1.1. Inicio del proyecto

Inicio del proyecto

1970 · 1971

Se planifica y se realizan los estudios para la construcción de la central nuclear de Lemóniz, ubicada en la cala de Basordas, en el municipio de Lemoiz (Bizkaia). La planificación y concesión se llevaron a cabo en 1970 y 1971, comenzando las obras en 1972. La central nunca llegó a ponerse en funcionamiento.

Fue construida por la empresa eléctrica Iberduero, con el apoyo del PNV en su apuesta por crear una «Costa Vasca Nuclear». El plan contemplaba varias centrales en la Comunidad Autónoma Vasca: dos en Lemóniz, una en Deba y otra en Ispaster (Gipuzkoa), además de una cuarta en Tutera (Nafarroa).

Cada central preveía unidades de 1.000 megavatios (MW). La de Ispaster (Punta Mendata) llegaría a contar con seis unidades. En conjunto, el plan generaría 12.000 MW/hora adicionales, con posibilidad de exportar energía a través de la interconexión con Francia en Hernani (Gipuzkoa).

El PNV defendía la independencia energética vasca, obviando el grave problema de la gestión del uranio enriquecido una vez agotado su ciclo —estimado entre tres y seis años—, material que requiere almacenamiento durante más de 700 millones de años.

1.2. Evolución del proyecto

Evolución del proyecto

1972

Comenzaron las obras en la cala de Basordas, transformando para siempre su fisonomía. Se inició la construcción sin contar con todos los permisos necesarios.

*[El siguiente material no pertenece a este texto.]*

(* Let $\mathcal{P}\subset\mathbb{R}^3$ be a polyhedron with radius $1$ and let $P_1,P_2,P_3,Q_1,Q_2,Q_3\in\mathcal{P}$ (not necessarily distinct) such that the triples $(P_1,P_2,P_3)$ and $(Q_1,Q_2,Q_3)$ are congruent. Let $\varepsilon>0$ and $\bar\theta_1,\bar\varphi_1,\bar\theta_2,\bar\varphi_2,\bar\alpha\in\mathbb{R}$; set $\overline{X_k}=X(\bar\theta_k,\bar\varphi_k)$, $\overline{M_k}=M(\bar\theta_k,\bar\varphi_k)$ for $k=1,2$. Assume: (A) there exist $\sigma_P,\sigma_Q\in\{0,1\}$ with $(-1)^{\sigma_P}\langle\overline{X_1},P_i\rangle>\sqrt2\varepsilon$ and $(-1)^{\sigma_Q}\langle\overline{X_2},Q_i\rangle>\sqrt2\varepsilon$ for $i=1,2,3$; (S) $P_1,P_2,P_3$ are $\varepsilon$-spanning for $(\bar\theta_1,\bar\varphi_1)$ and $Q_1,Q_2,Q_3$ are $\varepsilon$-spanning for $(\bar\theta_2,\bar\varphi_2)$; (B) there are $r>0$ with $\min_{i=1,2,3}\|\overline{M_2}Q_i\|>r+\sqrt2\varepsilon$ and $\delta\in\mathbb{R}$ with $\delta\ge\max_{i=1,2,3}\|R(\bar\alpha)\overline{M_1}P_i-\overline{M_2}Q_i\|/2$, such that for all $i=1,2,3$ and every $Q_j\in\mathcal{P}\setminus\{Q_i\}$, \[ \frac{\langle\overline{M_2}Q_i,\overline{M_2}(Q_i-Q_j)\rangle-2\varepsilon\|Q_i-Q_j\|(\sqrt2+\varepsilon)}{(\|\overline{M_2}Q_i\|+\sqrt2\varepsilon)(\|\overline{M_2}(Q_i-Q_j)\|+2\sqrt2\varepsilon)}>\frac{\sqrt5\varepsilon+\delta}{r}. \] Then there is no $(\theta_1,\varphi_1,\theta_2,\varphi_2,\alpha)$ with $|\theta_k-\bar\theta_k|,|\varphi_k-\bar\varphi_k|,|\alpha-\bar\alpha|\le\varepsilon$ ($k=1,2$) such that $R(\alpha)M(\theta_1,\varphi_1)\mathcal{P}\subset\operatorname{int}\operatorname{conv}(M(\theta_2,\varphi_2)\mathcal{P})$.
   Context: $R(\alpha)=\begin{pmatrix}\cos\alpha&-\sin\alpha\\ \sin\alpha&\cos\alpha\end{pmatrix}$; $X(\theta,\varphi)=(\cos\theta\sin\varphi,\sin\theta\sin\varphi,\cos\varphi)^t$; $M(\theta,\varphi)=\begin{pmatrix}-\sin\theta&\cos\theta&0\\ -\cos\theta\cos\varphi&-\sin\theta\cos\varphi&\sin\varphi\end{pmatrix}$. A polyhedron is a finite non-degenerate set of points of $\mathbb{R}^3$ in convex position; radius $1$ means all its points have norm $\le1$ with equality for some. Triples $(P_1,P_2,P_3)$, $(Q_1,Q_2,Q_3)$ in $\mathbb{R}^3$ are congruent if there is an orthonormal $L\in\mathbb{R}^{3\times3}$ with $P_i=LQ_i$ for $i=1,2,3$. Given $\theta,\varphi\in\mathbb{R}$, $\varepsilon>0$ and $M=M(\theta,\varphi)$, points $P_1,P_2,P_3\in\mathbb{R}^3$ with norms $\le1$ are $\varepsilon$-spanning for $(\theta,\varphi)$ if $\langle R(\pi/2)MP_1,MP_2\rangle$, $\langle R(\pi/2)MP_2,MP_3\rangle$, $\langle R(\pi/2)MP_3,MP_1\rangle$ are all $>2\varepsilon(\sqrt2+\varepsilon)$. Matrices act on point sets elementwise; norms of matrices are operator norms. *)

From Stdlib Require Import Reals List.
Import ListNotations.
Open Scope R_scope.
(* Let $f(x)=x^5+px^4+qx^3+rx^2+sx+t$ with real coefficients, and suppose $D=0$ and $L_1>0$ (so that $f$ has one real double root and three distinct real simple roots). Then the double root of $f$ equals $d=C_0/L_1$. Put $F_1=q+4pd+10d^2$, $F_2=r+3qd+6pd^2+10d^3$, $F_3=pq+4p^2d-24pd^2-22qd-40d^3-9r$. Then, writing the roots in increasing order: (a) if $F_1>0$, $F_2<0$, $F_3<0$: double $<$ single $<$ single $<$ single; (b) if $F_1>0$, $F_2>0$, $F_3>0$: single $<$ single $<$ single $<$ double; (c) if $F_2>0$ and ($F_1\le0$ or $F_3\le 0$): single $<$ double $<$ single $<$ single; (d) if $F_2<0$ and ($F_1\le 0$ or $F_3\ge0$): single $<$ single $<$ double $<$ single.
   Context: Let $\alpha_1,\dots,\alpha_5\in\mathbb{C}$ be the roots of $f$ listed with multiplicity. $D=\prod_{1\le i<j\le 5}(\alpha_i-\alpha_j)^2$ is the discriminant of $f$. $L_1=-264ps^2r-12p^3tq^2+36r^3pq-124srpq^2+28srp^3q+260sptq-132p^2qrt+240pr^2t+234sqr^2+32p^4tr+48ptq^3-56sp^3t-80q^2rt+194qs^2p^2-600str-6q^3sp^2+2p^2q^2r^2-12sr^2p^2-54r^4+320s^3-8q^3r^2-8r^3p^3+250qt^2-176q^2s^2+24q^4s-36p^4s^2-100p^2t^2$. $C_0=48sp^4t+4sp^3r^2+80p^3t^2-32p^3rqt-3p^3s^2q+7s^2p^2r-p^2srq^2-4p^2r^2t+9p^2tq^3-266sqp^2t+16ps^3+146ptrq^2-18spr^2q+290sptr-275pqt^2+12ps^2q^2+4sq^3r-195r^2qt+260sq^2t+27sr^3+375t^2r-36q^4t-48rs^2q-400ts^2$. (Note $f(y+d)=y^2\,(y^3+(p+5d)y^2+F_1y+F_2)$, and $F_3=(p+5d)F_1-9F_2$.) *)

From HB Require Import structures.
From mathcomp Require Import all_boot all_order all_algebra all_field.
Set Implicit Arguments. Unset Strict Implicit. Unset Printing Implicit Defensive.
Import Order.TTheory GRing.Theory Num.Theory.
Local Open Scope ring_scope.

Section Quintic.
Variable C : numClosedFieldType.

Definition quintic (p q r s t : C) : {poly C} :=
  'X^5 + p *: 'X^4 + q *: 'X^3 + r *: 'X^2 + s *: 'X + t%:P.

Definition discr5 (alpha : 'I_5 -> C) : C :=
  \prod_(i < 5) \prod_(j < 5 | (i < j)%N) (alpha i - alpha j) ^+ 2.

Definition L1 (p q r s t : C) : C :=
  - 264%:R * p * s^+2 * r - 12%:R * p^+3 * t * q^+2 + 36%:R * r^+3 * p * q - 124%:R * s * r * p * q^+2 + 28%:R * s * r * p^+3 * q + 260%:R * s * p * t * q - 132%:R * p^+2 * q * r * t + 240%:R * p * r^+2 * t + 234%:R * s * q * r^+2 + 32%:R * p^+4 * t * r + 48%:R * p * t * q^+3 - 56%:R * s * p^+3 * t - 80%:R * q^+2 * r * t + 194%:R * q * s^+2 * p^+2 - 600%:R * s * t * r - 6%:R * q^+3 * s * p^+2 + 2%:R * p^+2 * q^+2 * r^+2 - 12%:R * s * r^+2 * p^+2 - 54%:R * r^+4 + 320%:R * s^+3 - 8%:R * q^+3 * r^+2 - 8%:R * r^+3 * p^+3 + 250%:R * q * t^+2 - 176%:R * q^+2 * s^+2 + 24%:R * q^+4 * s - 36%:R * p^+4 * s^+2 - 100%:R * p^+2 * t^+2.

Definition C0 (p q r s t : C) : C :=
  48%:R * s * p^+4 * t + 4%:R * s * p^+3 * r^+2 + 80%:R * p^+3 * t^+2 - 32%:R * p^+3 * r * q * t - 3%:R * p^+3 * s^+2 * q + 7%:R * s^+2 * p^+2 * r - p^+2 * s * r * q^+2 - 4%:R * p^+2 * r^+2 * t + 9%:R * p^+2 * t * q^+3 - 266%:R * s * q * p^+2 * t + 16%:R * p * s^+3 + 146%:R * p * t * r * q^+2 - 18%:R * s * p * r^+2 * q + 290%:R * s * p * t * r - 275%:R * p * q * t^+2 + 12%:R * p * s^+2 * q^+2 + 4%:R * s * q^+3 * r - 195%:R * r^+2 * q * t + 260%:R * s * q^+2 * t + 27%:R * s * r^+3 + 375%:R * t^+2 * r - 36%:R * q^+4 * t - 48%:R * r * s^+2 * q - 400%:R * t * s^+2.

Definition F1 (p q r s t d : C) : C := q + 4%:R * p * d + 10%:R * d ^+ 2.
Definition F2 (p q r s t d : C) : C :=
  r + 3%:R * q * d + 6%:R * p * d ^+ 2 + 10%:R * d ^+ 3.
Definition F3 (p q r s t d : C) : C :=
  p * q + 4%:R * p ^+ 2 * d - 24%:R * p * d ^+ 2 - 22%:R * q * d
  - 40%:R * d ^+ 3 - 9%:R * r.

End Quintic.

From HB Require Import structures.
From mathcomp Require Import all_boot all_order all_algebra all_field.
From mathcomp Require Import ring.
Import Order.TTheory GRing.Theory Num.Theory.
Local Open Scope ring_scope.
Set Implicit Arguments. Unset Strict Implicit. Unset Printing Implicit Defensive.

(* Since D = 0, f = (X - d)^2 (X - x)(X - y)(X - z).
   1. Vieta expresses p, ..., t through d and the elementary symmetric
      functions e1, e2, e3 of x, y, z.  Polynomial identities then give
      L1 = 2 Disc, where Disc is the discriminant of the squarefree part
      (X - d)(X - x)(X - y)(X - z), and C0 = d L1.  So L1 > 0 yields
      d = C0 / L1 (hence d is real) and Disc > 0.
   2. Disc > 0 forces x, y, z to be real (a conjugate pair of roots would
      make Disc <= 0) and the four roots to be distinct; list the simple
      roots as a < b < c.
   3. F1, F2, F3 at d are e2, - e3 and - (e1 e2 - 9 e3) of the shifted roots
      a - d, b - d, c - d, and for three distinct nonzero reals the signs of
      e2, e3 and e1 e2 - 9 e3 determine the position of 0 among them. *)

Section SymmetricFunctions.
Variable R : comPzRingType.
Implicit Types u v w : R.

Definition esym1 u v w := u + v + w.
Definition esym2 u v w := u * v + u * w + v * w.
Definition esym3 u v w := u * v * w.

(* The combination e1 e2 - 9 e3 whose sign, together with those of e2 and e3,
   locates 0 among three distinct reals. *)
Definition esym_mix u v w := esym1 u v w * esym2 u v w - 9%:R * esym3 u v w.

(* A weighted sum of squared gaps: positive when u, v, w are positive. *)
Lemma esym_mix_gaps u v w :
  esym_mix u v w = u * (w - v) ^+ 2 + v * (w - u) ^+ 2 + w * (v - u) ^+ 2.
Proof. by rewrite /esym_mix /esym1 /esym2 /esym3; ring. Qed.

(* Behaviour under u, v, w |-> - w, - v, - u, which reverses the order. *)
Lemma esym_opp u v w :
  [/\ esym2 (- w) (- v) (- u) = esym2 u v w,
      esym3 (- w) (- v) (- u) = - esym3 u v w &
      esym_mix (- w) (- v) (- u) = - esym_mix u v w].
Proof. by split; rewrite /esym_mix /esym1 /esym2 /esym3; ring. Qed.

Lemma esym_rotate u v w :
  [/\ esym1 v w u = esym1 u v w, esym2 v w u = esym2 u v w & esym3 v w u = esym3 u v w].
Proof. by split; rewrite /esym1 /esym2 /esym3; ring. Qed.
Lemma minor_Ecomb_unit_generic (y1 y0 : 'I_a -> A) (I : 'I_r -> 'I_b) (J : 'I_r -> 'I_c) :
  mxsub I J (Ecomb y0) \in unitmx ->
  exists2 Q : {poly K}, Q != 0 &
    forall v, ~~ root Q v -> mxsub I J (Ecomb (fun i => scal v * y1 i + y0 i)) \in unitmx.
Proof.
move=> minor0_unit.
have Ecomb_pencil u : Ecomb (fun i => u * y1 i + y0 i) = u *: Ecomb y1 + Ecomb y0.
  by rewrite /Ecomb scaler_sumr -big_split; apply: eq_bigr => i _; rewrite scalerDl scalerA.
pose Delta := \det (mxsub I J ('X *: map_mx polyC (Ecomb y1) + map_mx polyC (Ecomb y0))).
have Delta_eval u : Delta.[u] = \det (mxsub I J (Ecomb (fun i => u * y1 i + y0 i))).
  rewrite Ecomb_pencil -horner_evalE -det_map_mx map_mxsub; congr (\det (mxsub _ _ _)).
  by apply/matrixP => k l; rewrite !mxE /= horner_evalE hornerD hornerM hornerX !hornerC.
have [|Q Q_neq0 Q_unit] := horner_zcent_unit_generic (p := Delta).
  by rewrite -horner_coef0 Delta_eval Ecomb_pencil scale0r add0r -unitmxE.
by exists Q => [//|v /Q_unit]; rewrite Delta_eval unitmxE.
Qed.

Lemma mxrank_tens_comb_le (t mu : 'I_a -> K) :
  \rank (\sum_i mu i *: E i)%R = r ->
  (\rank (\sum_i t i *: (E i *t F i))%R <= r * n.+1)%N.
Proof.
move=> rank_mu.
have [I [J minor_unit]] : exists (I : 'I_r -> 'I_b) (J : 'I_r -> 'I_c),
    mxsub I J (\sum_i mu i *: E i)%R \in unitmx.
  by rewrite -rank_mu; apply: exists_unit_minor.
have minor_mu_unit : mxsub I J (Ecomb (scal \o mu)) \in unitmx.
  by rewrite Ecomb_scalar -map_mxsub unitmxE det_map_mx rmorph_unit // -unitmxE.
have [Q1 Q1_neq0 Q1_unit] :=
  minor_Ecomb_unit_generic (fun i => scal (t i) * F_zcent i) minor_mu_unit.
have [Q2 Q2_neq0 Q2_rank] := mxrank_pencil_generic
  (\sum_i t i *: (E i *t F i)) (\sum_i E i *t (mu i)%:M).
have [v] := exists_nonroot (mulf_neq0 Q1_neq0 Q2_neq0).
rewrite rootM negb_or => /andP[/Q1_unit unit_v /Q2_rank rank_le].
apply: leq_trans rank_le _; apply: leq_trans (mxrank_flat_Ecomb unit_v).
apply/eq_leq; congr (\rank _); apply/matrixP => i j.
case: (mxtens_indexP i) => p al; case: (mxtens_indexP j) => q be.
rewrite !mxE !summxE mulr_sumr -big_split; apply: eq_bigr => k _ /=.
by rewrite mxE !tensmxE -!mulmxE !mul_scalar_mx !mxE mulrDr [t k * _]mulrCA [v * _]mulrCA.
Qed.

End TensorRank.

Theorem mainTheorem2 (a b c k r : nat)
  (E : 'I_a -> 'M[C]_(b, c)) (F : 'I_a -> 'M[C]_k)
  (E_basis : free ([seq E i | i : 'I_a] : seq 'M[C]_(b, c)))
  (E_bounded : bounded_rank E r)
  (F_basis : free ([seq F i | i : 'I_a] : seq 'M[C]_k))
  (F_comm : forall i j : 'I_a, F i *m F j = F j *m F i) :
  forall t : 'I_a -> C, (\rank (\sum_(i < a) t i *: (E i *t F i))%R <= k * r)%N.
Proof.
case: k F F_basis F_comm => [|n] F _ F_comm t.
  by rewrite (leq_trans (rank_leq_row _)) // muln0.
case: E_bounded => E_rank_le [mu rank_mu] _.
by rewrite [(n.+1 * r)%N]mulnC (mxrank_tens_comb_le F_comm E_rank_le t rank_mu).
Qed.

Iberduero presionó y amenazó a los municipios afectados con acciones legales si no aceptaban las condiciones impuestas, incluida la tasación de los terrenos expropiados. La empresa gozaba de gran influencia política en la Diputación de Bizkaia, controlada entonces por el PNV.

Se construyó un dique para ganar terreno al mar Cantábrico y se vertieron unas 200.000 m³ de hormigón y 1.000 toneladas de hierro, sepultando la cala para siempre.

Los vecinos desconocieron inicialmente la finalidad de las obras. Posteriormente fueron obligados a ceder sus caseríos y terrenos, bien por venta forzada al precio de tasación o bien por expropiación.

La afectación total ascendió a 180 hectáreas:

A. Zona Industrial Urbana (35 ha), delimitada por la carretera BI-3152:
  A.1. Plataforma de Basordas (7 ha): explanada ganada al mar con los edificios principales.
  A.2. Perímetro de seguridad interna (28 ha): viales, talleres, oficinas y pasillo de seguridad con doble vallado de 1.600 m.

B. Zona no urbanizable / Cinturón de protección (145 ha): terreno expropiado por motivos de seguridad. Incluía zonas boscosas, laderas, terrenos agrícolas y dos caseríos tradicionales.

Lemóniz se encuentra a 30 kilómetros de Bilbao por carretera y a 15 en línea recta, lo que agravaba considerablemente los riesgos.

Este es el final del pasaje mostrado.